◆ Required action ◆
In the listing beneath this line, copy exactly the lines starting with the one containing "exists2 a : int, -1 <= a <= 1 & q" and going on through the one containing "Lemma scaled_intr_eq0 (m".

===== Source material =====

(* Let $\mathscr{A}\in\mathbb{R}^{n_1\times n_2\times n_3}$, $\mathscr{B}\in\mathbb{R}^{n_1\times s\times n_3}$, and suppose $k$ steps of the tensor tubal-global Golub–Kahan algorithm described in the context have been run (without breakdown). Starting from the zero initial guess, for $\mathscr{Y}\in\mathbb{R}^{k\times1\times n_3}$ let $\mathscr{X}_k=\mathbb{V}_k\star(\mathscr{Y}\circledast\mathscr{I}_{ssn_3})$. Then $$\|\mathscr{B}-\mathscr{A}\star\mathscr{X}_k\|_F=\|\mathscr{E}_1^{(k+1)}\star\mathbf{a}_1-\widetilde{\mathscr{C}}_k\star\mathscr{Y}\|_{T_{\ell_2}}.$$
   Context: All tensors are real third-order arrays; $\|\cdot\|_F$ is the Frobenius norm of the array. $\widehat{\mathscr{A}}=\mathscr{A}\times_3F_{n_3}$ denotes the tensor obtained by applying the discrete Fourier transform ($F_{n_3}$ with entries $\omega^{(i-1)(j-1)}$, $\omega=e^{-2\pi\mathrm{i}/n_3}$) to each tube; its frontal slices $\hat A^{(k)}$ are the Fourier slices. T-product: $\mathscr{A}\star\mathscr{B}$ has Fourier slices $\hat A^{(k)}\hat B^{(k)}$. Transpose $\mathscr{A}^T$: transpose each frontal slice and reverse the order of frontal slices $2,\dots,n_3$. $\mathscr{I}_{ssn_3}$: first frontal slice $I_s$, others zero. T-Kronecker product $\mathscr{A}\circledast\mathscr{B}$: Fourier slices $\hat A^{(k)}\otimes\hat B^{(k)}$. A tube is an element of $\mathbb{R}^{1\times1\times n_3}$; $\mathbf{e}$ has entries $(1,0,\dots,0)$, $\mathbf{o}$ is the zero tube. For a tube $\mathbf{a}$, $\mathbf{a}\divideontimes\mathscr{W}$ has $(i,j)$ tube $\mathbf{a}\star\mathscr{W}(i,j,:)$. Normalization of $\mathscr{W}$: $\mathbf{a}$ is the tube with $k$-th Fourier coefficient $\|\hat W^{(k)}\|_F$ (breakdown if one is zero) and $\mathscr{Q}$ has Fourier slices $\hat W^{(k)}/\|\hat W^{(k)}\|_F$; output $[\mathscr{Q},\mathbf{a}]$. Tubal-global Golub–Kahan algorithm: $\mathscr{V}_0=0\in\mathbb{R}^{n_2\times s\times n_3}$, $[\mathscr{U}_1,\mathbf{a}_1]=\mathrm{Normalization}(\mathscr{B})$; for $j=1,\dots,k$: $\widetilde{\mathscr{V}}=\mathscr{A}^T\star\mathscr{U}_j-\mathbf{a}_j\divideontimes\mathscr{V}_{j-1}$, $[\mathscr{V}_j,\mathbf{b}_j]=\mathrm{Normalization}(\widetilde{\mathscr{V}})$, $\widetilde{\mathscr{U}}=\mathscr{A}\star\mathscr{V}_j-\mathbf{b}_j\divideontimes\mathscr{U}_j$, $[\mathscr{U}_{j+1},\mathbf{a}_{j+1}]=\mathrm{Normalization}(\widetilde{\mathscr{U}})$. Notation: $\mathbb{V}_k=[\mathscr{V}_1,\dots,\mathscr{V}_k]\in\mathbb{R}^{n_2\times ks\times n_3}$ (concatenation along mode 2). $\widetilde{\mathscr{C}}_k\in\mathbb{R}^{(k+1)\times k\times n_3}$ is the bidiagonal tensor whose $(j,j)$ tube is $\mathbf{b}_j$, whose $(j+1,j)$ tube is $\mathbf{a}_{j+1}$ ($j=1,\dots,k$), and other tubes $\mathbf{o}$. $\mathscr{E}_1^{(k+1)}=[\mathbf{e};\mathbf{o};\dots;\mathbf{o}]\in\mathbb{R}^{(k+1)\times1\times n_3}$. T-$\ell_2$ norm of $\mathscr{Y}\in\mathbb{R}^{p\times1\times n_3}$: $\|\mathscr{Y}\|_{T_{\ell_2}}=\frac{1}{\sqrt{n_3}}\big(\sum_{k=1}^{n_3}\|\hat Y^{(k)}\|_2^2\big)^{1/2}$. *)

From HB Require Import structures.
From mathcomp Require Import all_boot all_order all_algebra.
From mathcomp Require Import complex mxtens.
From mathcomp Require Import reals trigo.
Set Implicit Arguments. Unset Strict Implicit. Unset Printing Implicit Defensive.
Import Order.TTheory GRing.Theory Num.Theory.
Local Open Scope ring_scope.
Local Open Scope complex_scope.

=====
===== Source material =====

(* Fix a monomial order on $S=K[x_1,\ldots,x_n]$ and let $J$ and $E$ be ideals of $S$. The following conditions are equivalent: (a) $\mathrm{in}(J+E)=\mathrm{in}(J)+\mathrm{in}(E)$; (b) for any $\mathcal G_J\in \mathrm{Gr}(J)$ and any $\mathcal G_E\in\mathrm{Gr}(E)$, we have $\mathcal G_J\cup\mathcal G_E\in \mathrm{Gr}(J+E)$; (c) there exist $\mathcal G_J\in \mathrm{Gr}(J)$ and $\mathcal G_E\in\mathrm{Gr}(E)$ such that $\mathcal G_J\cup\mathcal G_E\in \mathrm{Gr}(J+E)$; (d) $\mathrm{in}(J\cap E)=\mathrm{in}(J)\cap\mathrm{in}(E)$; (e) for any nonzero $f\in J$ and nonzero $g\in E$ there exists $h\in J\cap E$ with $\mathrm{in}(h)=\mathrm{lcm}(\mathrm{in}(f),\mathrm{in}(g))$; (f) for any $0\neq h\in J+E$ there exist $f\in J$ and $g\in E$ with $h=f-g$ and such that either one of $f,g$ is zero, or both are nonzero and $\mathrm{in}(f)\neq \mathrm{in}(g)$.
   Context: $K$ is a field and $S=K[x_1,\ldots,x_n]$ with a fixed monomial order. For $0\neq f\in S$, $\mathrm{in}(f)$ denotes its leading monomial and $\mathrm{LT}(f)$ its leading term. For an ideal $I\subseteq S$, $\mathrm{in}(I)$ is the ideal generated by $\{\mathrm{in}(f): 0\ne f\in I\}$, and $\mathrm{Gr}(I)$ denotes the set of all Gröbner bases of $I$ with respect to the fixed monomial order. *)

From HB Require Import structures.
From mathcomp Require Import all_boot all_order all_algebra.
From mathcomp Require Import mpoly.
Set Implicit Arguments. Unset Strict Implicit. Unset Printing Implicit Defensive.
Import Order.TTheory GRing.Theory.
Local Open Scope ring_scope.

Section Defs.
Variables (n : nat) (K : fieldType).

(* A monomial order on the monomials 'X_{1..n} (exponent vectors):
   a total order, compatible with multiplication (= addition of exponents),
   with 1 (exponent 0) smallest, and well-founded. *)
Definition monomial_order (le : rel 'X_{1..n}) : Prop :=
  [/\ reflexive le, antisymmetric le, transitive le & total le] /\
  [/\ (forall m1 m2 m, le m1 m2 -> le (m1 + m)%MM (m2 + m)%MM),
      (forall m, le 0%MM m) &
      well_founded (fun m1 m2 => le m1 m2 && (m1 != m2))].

=====
===== Source material =====

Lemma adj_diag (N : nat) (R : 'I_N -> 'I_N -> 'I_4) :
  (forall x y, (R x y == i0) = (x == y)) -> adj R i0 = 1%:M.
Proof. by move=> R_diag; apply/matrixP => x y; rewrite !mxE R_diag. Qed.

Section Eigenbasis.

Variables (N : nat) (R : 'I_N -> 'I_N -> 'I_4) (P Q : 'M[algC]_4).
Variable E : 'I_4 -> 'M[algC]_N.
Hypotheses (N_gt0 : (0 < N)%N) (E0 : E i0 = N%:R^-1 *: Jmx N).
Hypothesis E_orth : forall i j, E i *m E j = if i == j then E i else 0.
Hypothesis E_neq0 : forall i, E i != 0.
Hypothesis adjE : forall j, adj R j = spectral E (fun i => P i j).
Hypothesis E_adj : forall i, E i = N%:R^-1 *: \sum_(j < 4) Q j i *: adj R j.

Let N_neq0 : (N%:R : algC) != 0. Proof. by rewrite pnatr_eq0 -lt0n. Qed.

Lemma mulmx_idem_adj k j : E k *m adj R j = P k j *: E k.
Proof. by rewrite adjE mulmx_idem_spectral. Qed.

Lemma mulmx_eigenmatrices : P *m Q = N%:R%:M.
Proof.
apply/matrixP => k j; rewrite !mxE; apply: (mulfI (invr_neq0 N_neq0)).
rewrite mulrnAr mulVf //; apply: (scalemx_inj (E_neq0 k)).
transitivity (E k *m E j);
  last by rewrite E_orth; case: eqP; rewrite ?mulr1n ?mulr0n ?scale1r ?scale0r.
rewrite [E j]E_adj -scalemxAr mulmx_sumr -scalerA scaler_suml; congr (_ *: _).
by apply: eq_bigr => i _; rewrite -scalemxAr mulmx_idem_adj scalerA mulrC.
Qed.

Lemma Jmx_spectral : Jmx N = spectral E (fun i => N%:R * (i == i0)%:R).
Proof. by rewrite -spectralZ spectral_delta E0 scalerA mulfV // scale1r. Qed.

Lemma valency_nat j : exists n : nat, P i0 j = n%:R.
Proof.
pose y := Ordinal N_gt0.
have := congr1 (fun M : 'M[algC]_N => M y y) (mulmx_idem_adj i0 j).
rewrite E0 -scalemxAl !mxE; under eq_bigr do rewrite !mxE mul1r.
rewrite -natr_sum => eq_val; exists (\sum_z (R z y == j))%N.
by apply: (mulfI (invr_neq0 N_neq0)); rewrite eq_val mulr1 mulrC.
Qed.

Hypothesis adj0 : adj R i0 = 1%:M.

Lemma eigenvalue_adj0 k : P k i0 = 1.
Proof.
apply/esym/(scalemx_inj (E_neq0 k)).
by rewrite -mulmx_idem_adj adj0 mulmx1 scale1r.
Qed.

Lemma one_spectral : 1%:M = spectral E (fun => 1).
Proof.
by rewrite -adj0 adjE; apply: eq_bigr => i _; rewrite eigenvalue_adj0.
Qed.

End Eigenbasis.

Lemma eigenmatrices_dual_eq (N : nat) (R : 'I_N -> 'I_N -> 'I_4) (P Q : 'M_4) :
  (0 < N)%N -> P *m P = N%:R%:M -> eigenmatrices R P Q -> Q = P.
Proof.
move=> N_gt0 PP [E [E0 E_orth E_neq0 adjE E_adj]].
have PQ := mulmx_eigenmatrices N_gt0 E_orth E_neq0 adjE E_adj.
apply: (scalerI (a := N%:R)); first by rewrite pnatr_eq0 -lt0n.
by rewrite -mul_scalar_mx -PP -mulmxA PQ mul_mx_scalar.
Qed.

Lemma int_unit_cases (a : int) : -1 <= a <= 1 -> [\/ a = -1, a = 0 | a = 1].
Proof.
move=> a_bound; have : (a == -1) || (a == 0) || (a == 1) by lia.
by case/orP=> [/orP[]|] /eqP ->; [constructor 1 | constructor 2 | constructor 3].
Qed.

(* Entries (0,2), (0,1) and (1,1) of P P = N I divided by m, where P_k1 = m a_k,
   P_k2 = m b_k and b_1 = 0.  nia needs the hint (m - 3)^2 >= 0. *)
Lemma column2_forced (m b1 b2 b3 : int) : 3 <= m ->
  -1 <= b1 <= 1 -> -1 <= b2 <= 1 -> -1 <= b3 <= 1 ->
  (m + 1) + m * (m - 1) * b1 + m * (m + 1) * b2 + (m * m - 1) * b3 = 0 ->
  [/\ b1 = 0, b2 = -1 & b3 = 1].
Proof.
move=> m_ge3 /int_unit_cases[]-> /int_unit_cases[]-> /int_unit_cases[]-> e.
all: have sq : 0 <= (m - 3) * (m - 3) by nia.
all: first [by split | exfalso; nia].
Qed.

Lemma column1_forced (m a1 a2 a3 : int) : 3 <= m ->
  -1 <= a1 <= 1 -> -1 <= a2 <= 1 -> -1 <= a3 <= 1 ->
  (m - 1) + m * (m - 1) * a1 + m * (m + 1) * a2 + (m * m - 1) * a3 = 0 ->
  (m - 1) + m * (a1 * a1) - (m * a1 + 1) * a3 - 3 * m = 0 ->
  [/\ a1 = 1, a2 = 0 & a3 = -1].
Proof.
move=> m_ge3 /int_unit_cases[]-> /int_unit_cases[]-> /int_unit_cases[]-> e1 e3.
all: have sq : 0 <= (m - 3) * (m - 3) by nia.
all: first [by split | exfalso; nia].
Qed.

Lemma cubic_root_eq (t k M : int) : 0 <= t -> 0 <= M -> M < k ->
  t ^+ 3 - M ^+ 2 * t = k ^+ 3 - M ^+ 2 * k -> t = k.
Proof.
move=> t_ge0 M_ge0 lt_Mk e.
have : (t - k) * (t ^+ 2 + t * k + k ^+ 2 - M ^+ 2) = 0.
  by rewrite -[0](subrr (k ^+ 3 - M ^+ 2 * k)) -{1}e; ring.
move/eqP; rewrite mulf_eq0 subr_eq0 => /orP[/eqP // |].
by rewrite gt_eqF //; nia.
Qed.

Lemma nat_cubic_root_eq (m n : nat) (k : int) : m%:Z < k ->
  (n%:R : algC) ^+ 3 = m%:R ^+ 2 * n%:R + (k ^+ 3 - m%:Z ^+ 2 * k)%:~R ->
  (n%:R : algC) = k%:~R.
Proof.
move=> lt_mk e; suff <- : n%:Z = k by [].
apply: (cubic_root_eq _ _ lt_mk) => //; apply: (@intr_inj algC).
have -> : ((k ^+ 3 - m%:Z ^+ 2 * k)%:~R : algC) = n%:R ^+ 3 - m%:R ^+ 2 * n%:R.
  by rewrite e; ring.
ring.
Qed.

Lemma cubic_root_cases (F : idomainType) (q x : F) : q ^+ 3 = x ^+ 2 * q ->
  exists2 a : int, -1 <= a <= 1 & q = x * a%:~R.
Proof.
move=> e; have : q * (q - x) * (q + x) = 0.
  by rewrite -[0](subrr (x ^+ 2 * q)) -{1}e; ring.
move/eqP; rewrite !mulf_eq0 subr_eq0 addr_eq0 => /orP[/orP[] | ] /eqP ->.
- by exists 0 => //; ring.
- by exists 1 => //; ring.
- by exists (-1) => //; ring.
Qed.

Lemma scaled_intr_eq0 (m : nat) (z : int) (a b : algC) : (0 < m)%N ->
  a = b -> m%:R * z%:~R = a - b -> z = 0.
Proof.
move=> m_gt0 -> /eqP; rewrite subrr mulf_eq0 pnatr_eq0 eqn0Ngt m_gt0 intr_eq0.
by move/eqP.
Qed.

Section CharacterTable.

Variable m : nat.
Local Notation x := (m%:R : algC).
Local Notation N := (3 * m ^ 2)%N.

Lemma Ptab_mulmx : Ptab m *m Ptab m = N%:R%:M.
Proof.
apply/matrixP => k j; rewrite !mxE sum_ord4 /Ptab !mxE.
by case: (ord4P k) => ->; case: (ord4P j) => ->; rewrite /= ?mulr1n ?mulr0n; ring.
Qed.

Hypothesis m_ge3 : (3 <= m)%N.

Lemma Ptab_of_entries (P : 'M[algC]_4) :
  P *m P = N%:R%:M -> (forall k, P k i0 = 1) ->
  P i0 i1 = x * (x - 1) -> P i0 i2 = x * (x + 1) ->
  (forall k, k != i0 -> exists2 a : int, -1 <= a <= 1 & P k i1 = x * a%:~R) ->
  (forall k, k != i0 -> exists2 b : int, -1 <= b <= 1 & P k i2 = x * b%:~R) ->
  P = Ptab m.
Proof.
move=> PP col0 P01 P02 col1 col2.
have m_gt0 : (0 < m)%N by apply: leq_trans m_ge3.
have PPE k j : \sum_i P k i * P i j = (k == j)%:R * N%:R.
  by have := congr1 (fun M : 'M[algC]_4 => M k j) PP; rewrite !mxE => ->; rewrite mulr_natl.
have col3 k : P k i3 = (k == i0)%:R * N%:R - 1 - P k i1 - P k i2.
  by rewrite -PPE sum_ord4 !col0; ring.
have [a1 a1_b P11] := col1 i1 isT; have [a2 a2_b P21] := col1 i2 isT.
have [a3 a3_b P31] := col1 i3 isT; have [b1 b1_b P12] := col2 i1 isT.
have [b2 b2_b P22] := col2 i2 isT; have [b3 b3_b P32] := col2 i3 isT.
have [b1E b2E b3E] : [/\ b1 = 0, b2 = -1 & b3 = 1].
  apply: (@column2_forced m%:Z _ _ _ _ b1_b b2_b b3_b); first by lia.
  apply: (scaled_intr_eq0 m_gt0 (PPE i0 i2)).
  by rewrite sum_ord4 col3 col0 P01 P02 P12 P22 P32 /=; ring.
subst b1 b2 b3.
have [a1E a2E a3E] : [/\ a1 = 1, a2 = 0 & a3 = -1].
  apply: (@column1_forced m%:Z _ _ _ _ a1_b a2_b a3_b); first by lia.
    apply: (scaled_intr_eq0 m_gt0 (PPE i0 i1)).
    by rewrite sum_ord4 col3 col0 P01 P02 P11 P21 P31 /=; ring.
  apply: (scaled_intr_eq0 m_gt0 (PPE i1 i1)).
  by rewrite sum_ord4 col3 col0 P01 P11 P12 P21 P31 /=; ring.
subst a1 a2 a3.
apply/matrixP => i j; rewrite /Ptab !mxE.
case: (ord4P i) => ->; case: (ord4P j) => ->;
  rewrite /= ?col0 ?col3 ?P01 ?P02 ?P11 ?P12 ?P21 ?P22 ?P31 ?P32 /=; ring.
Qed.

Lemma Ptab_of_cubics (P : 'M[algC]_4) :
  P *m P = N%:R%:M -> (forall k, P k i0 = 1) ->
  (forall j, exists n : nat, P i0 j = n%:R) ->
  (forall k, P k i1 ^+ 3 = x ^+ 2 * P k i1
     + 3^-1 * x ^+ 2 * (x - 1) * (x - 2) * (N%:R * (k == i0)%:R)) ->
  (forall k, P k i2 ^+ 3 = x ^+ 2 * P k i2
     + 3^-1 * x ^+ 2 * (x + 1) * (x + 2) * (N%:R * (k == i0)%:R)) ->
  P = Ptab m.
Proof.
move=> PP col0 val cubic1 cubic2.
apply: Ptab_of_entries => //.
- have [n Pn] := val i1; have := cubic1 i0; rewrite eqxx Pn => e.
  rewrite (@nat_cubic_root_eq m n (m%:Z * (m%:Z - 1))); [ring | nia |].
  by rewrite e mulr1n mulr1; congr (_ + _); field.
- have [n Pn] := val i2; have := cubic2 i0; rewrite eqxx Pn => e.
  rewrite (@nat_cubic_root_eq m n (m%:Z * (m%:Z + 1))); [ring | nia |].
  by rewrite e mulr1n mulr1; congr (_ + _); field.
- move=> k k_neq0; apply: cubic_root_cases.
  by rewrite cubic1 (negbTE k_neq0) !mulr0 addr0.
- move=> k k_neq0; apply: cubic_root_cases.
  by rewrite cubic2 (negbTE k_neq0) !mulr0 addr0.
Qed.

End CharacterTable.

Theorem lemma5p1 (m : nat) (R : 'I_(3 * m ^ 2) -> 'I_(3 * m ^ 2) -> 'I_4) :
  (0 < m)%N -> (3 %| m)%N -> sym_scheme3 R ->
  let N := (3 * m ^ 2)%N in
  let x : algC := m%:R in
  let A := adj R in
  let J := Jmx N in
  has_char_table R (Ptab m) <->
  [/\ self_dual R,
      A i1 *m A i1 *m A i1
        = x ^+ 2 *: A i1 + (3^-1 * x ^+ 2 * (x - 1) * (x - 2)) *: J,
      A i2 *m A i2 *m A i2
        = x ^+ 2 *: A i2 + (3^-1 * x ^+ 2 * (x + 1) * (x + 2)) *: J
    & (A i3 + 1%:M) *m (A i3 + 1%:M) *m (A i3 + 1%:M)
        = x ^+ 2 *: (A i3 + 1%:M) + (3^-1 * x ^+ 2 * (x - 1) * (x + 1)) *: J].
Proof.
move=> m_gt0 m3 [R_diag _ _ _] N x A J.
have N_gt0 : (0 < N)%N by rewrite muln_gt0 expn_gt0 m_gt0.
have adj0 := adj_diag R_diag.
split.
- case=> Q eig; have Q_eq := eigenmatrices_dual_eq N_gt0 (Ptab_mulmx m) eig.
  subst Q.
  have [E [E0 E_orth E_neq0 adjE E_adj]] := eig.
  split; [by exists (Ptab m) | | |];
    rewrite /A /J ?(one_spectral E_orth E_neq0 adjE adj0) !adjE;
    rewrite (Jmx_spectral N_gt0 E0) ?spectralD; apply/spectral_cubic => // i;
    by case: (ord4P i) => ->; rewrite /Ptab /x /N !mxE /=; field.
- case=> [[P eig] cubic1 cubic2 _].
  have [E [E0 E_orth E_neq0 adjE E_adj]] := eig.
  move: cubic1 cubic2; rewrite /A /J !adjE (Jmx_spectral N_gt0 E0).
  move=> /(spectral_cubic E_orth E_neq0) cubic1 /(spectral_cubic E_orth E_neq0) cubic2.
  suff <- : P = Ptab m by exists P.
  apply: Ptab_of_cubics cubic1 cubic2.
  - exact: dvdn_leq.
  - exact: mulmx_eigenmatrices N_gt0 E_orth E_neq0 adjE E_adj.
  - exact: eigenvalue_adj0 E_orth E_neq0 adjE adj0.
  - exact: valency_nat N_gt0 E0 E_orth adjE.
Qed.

=====

◆ Exercise output ◆
  exists2 a : int, -1 <= a <= 1 & q = x * a%:~R.
Proof.
move=> e; have : q * (q - x) * (q + x) = 0.
  by rewrite -[0](subrr (x ^+ 2 * q)) -{1}e; ring.
move/eqP; rewrite !mulf_eq0 subr_eq0 addr_eq0 => /orP[/orP[] | ] /eqP ->.
- by exists 0 => //; ring.
- by exists 1 => //; ring.
- by exists (-1) => //; ring.
Qed.

Lemma scaled_intr_eq0 (m : nat) (z : int) (a b : algC) : (0 < m)%N ->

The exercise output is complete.